Note because we merged the dataset, we can actually use the same dataset for both source and target.
The most interesting thing here is the tokenizer, a hugging face function, that produces the attention_mask.

In [None]:
pli_sentence = split_datasets["train"][1]["translation"]["pli"]
ktl_sentence = split_datasets["train"][1]["translation"]["ktl"]

inputs = tokenizer(pli_sentence, return_tensors="pt")
targets = tokenizer(ktl_sentence, return_tensors="pt")
inputs, targets

In [None]:
wrong_targets = tokenizer(ktl_sentence)
print(tokenizer.convert_ids_to_tokens(wrong_targets["input_ids"]))

A quick function to clean up the input sequence and set the model up to accept the input sequence

overflowing_tokens and num_truncated tokens are things like whitespace, and start of sequence/end of sequence etc.

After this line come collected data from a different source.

Lemma antiregular_classification n (E : rel 'I_n) : symmetric E -> antiregular E ->
  liso E (antireg_graph n) \/ liso E (lcompl (antireg_graph n)).
Proof.
move=> E_sym E_antireg.
have [/existsP [x0 /eqP deg_x0] | /existsPn ldeg_gt0] := boolP [exists x, ldeg E x == 0].
  right; apply: liso_lcompl_l; apply: liso_antireg_graph.
  - by move=> x y; rewrite /lcompl E_sym.
  - move=> x y; rewrite !ldeg_lcompl => eq_deg; apply: E_antireg.
    by have := ldeg_le E x; have := ldeg_le E y; lia.
  - by move=> x; rewrite ldeg_lcompl subn_gt0 (antiregular_ldeg_lt E_sym deg_x0).
by left; apply: liso_antireg_graph => // x; rewrite lt0n ldeg_gt0.
Qed.

Lemma antireg_graph_connected n : lconnected (antireg_graph n).
Proof.
move=> x y; have top_lt : n.-1 < n by have := ltn_ord x; lia.
apply: (@connect_trans _ _ (Ordinal top_lt)); apply: connect1;
  by rewrite /antireg_graph /=; have := ltn_ord x; have := ltn_ord y; lia.
Qed.

Lemma antireg_graphC_disconnected n : 1 < n -> ~ lconnected (lcompl (antireg_graph n)).
Proof.
move=> n_gt1 H_conn.
have top_lt : n.-1 < n by lia.
have bot_lt : 0 < n by lia.
case/connectP: (H_conn (Ordinal top_lt) (Ordinal bot_lt)) => -[|z p] /=.
  by move=> _ /(congr1 val) /=; lia.
by rewrite /lcompl /antireg_graph /=; have := ltn_ord z; lia.
Qed.
Hypothesis admissible : discount_admissible a th S C0 eta sig l p A.
Hypothesis p_gt_1 : 1 < p.
Hypothesis C0_pos : 0 < C0.
Hypothesis F_tail : is_tail F.
Hypothesis Ls_tail : is_tail Ls.
Hypothesis F_dominated : forall t, 0 <= t -> F t <= C0 * Ls t.
Hypothesis F_int : is_improper_int0 F eta.
Hypothesis sF_int : is_improper_int0 (fun s => s * F s) sig.
Hypothesis J_int :
  is_improper_int0 (fun t => (if Rlt_dec 0 t then Rpower t p else 0) * Ls t) l.
Hypothesis Rf_int : forall T, 0 <= T -> exists I, is_RInt Rf 0 T I.
Hypothesis Rf_eq : forall t, 0 <= t -> exists I,
  is_RInt (fun s => Rf (t - s) * F s) 0 t I /\ Rf t = a * F t + a * I.

Let d := / (2 * A).
Let c1 := th - th ^ 2 * S.
Let c2 := th * Rpower S (1 - p) * C0.
Let J t := (if Rlt_dec 0 t then Rpower t p else 0) * Ls t.
Let g s := a * exp (- (th * s)) * F s.
Let k s := a * (F s - c1 * (s * F s) + c2 * J s).

Lemma c2_nonneg : 0 <= c2.
Proof.
  destruct admissible as (_ & Hth & _).
  unfold c2. pose proof (exp_pos ((1 - p) * ln S)). unfold Rpower.
  apply Rmult_le_pos; [apply Rmult_le_pos|]; lra.
Qed.

Lemma discount_A_pos : 0 < A.
Proof.
  destruct admissible as (Ha & _ & _ & _ & HA & _).
  fold c2 d in HA.
  assert (0 <= c2 * Rpower d p) by (apply Rmult_le_pos; [apply c2_nonneg | left; apply exp_pos]).
  nra.
Qed.

Lemma F_bounds t : 0 <= t -> 0 <= F t <= 1.
Proof. destruct F_tail as (H & _). apply H. Qed.
Theorem theorem2p1 (R : realType) (N : nat) (A : pseudoMetricType R)
  (a : 'rV[R]_N -> A -> 'M[R]_N) (b : 'rV[R]_N -> A -> 'rV[R]_N)
  (c : 'rV[R]_N -> A -> R) (Ro : R) (w : 'rV[R]_N -> R)
  (u : 'rV[R]_N -> R) :
  hausdorff_space A ->
  (forall x al, symm (a x al)) ->
  continuous (fun z : 'rV[R]_N * A => a z.1 z.2) ->
  continuous (fun z : 'rV[R]_N * A => b z.1 z.2) ->
  continuous (fun z : 'rV[R]_N * A => c z.1 z.2) ->
  (* (i) *)
  (forall x t p X, symm X -> has_inf (Fset a b c x t p X)) ->
  {within [set z : 'rV[R]_N * R * 'rV[R]_N * 'M[R]_N | symm z.2],
     continuous (fun z : 'rV[R]_N * R * 'rV[R]_N * 'M[R]_N =>
                   Fop a b c z.1.1.1 z.1.1.2 z.1.2 z.2)} ->
  (forall x al, 0 <= c x al) ->
  comparison_principle (Fop a b c) ->
  (* (ii) *)
  strong_max_principle (Fop a b c) ->
  (* (iii) *)
  0 <= Ro ->
  lsc_on [set: 'rV[R]_N] w ->
  visc_super (Fop a b c) [set x | Ro < enorm x] w ->
  (forall M : R, exists Rm : R, forall x, Rm < enorm x -> M < w x) ->
  (* hypotheses on u *)
  usc_on [set: 'rV[R]_N] u ->
  visc_sub (Fop a b c) [set: 'rV[R]_N] u ->
  (forall e : R, 0 < e -> exists Rm : R, forall x, Rm < enorm x ->
       u x / w x <= e) ->
  (forall x, 0 <= u x) \/ (forall x al, c x al = 0) ->
  exists k : R, forall x, u x = k.
Proof.
move=> _ asym _ _ _ hinf _ c_ge0 CP SMP Ro0 wl ws winf ul us ulim hcase.
have [Rw hRw] := winf 0.
pose R1 := Num.max Ro Rw + 1.
have [RoR1 RwR1] : Ro < R1 /\ Rw < R1.
  have := le_max Ro Ro Rw; have := le_max Rw Ro Rw.
  by rewrite /R1 !lexx orbT /=; lra.
have wpos y : R1 <= enorm y -> 0 < w y by move=> le; apply: hRw; lra.
have [|x0 _ ball] := usc_attains_max (compact_enorm_le R1) _ ul.
  by exists 0; rewrite /= enorm0; lra.
have hcm y al : 0 <= c y al * u x0.
  by case: hcase => [u0|c0]; [exact: mulr_ge0|rewrite c0 mul0r].
have umax := sub_le_max_on_ball winf ulim asym hinf CP wl ws ul us
  (ltW RoR1) wpos ball hcm.
exists (u x0); case: hcase => [u0 x|c0 x]; first exact: SMP us x0 umax (u0 x0) x.
have shifted := SMP _ (visc_sub_add_const (- u x0) c0 us) x0.
by apply/eqP; rewrite -subr_eq0 shifted /= ?subrr // => y; rewrite subr_le0.
Qed.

This model expects the inputs to be named "labels".


In [None]:
max_length = 64

def preprocess_function(examples):
    inputs = [ex["pli"] for ex in examples["translation"]]
    targets = [ex["ktl"] for ex in examples["translation"]]
    
    # Tokenize inputs and targets separately
    model_inputs = tokenizer(inputs, max_length=max_length, truncation=True, padding=True)
    model_targets = tokenizer(targets, max_length=max_length, truncation=True, padding=True)
    
    # Remove unnecessary keys from model_inputs
    model_inputs.pop("overflowing_tokens", None)
    model_inputs.pop("num_truncated_tokens", None)
    
    # Add targets to model_inputs
    model_inputs["labels"] = model_targets["input_ids"]
    
    return model_inputs

In [None]:
tokenizer.pad_token = tokenizer.eos_token

In [None]:
tokenized_datasets = split_datasets.map(
    preprocess_function,
    batched=True,
    remove_columns=split_datasets["train"].column_names,
)

## Fine-tuning model

In [None]:
pip install --upgrade bitsandbytes

In [None]:
from transformers import AutoModelForCausalLM

model = AutoModelForCausalLM.from_pretrained(model_checkpoint, force_download=True)

In [None]:
from transformers import DataCollatorForSeq2Seq
data_collator = DataCollatorForSeq2Seq(tokenizer, model=model)

In [None]:
batch = data_collator([tokenized_datasets["train"][i] for i in range(1, 3)])
batch.keys()

In [None]:
from transformers import Seq2SeqTrainer, Seq2SeqTrainingArguments

In [None]:
training_args = Seq2SeqTrainingArguments(
    output_dir="./results",
    evaluation_strategy="no",  # No evaluation during training
    learning_rate=2e-5,
    per_device_train_batch_size=16,
    per_device_eval_batch_size=16,
    weight_decay=0.01,
    save_total_limit=3,
    num_train_epochs=150,
    predict_with_generate=True,
)

In [None]:
trainer = Seq2SeqTrainer(
    model=model,
    args=training_args,
    train_dataset=tokenized_datasets["train"],
    eval_dataset=None,  # Assuming no evaluation dataset
    data_collator=data_collator,
    tokenizer=tokenizer
)

In [None]:
import os

# Disable wandb
os.environ["WANDB_DISABLED"] = "true"

In [None]:
trainer.train()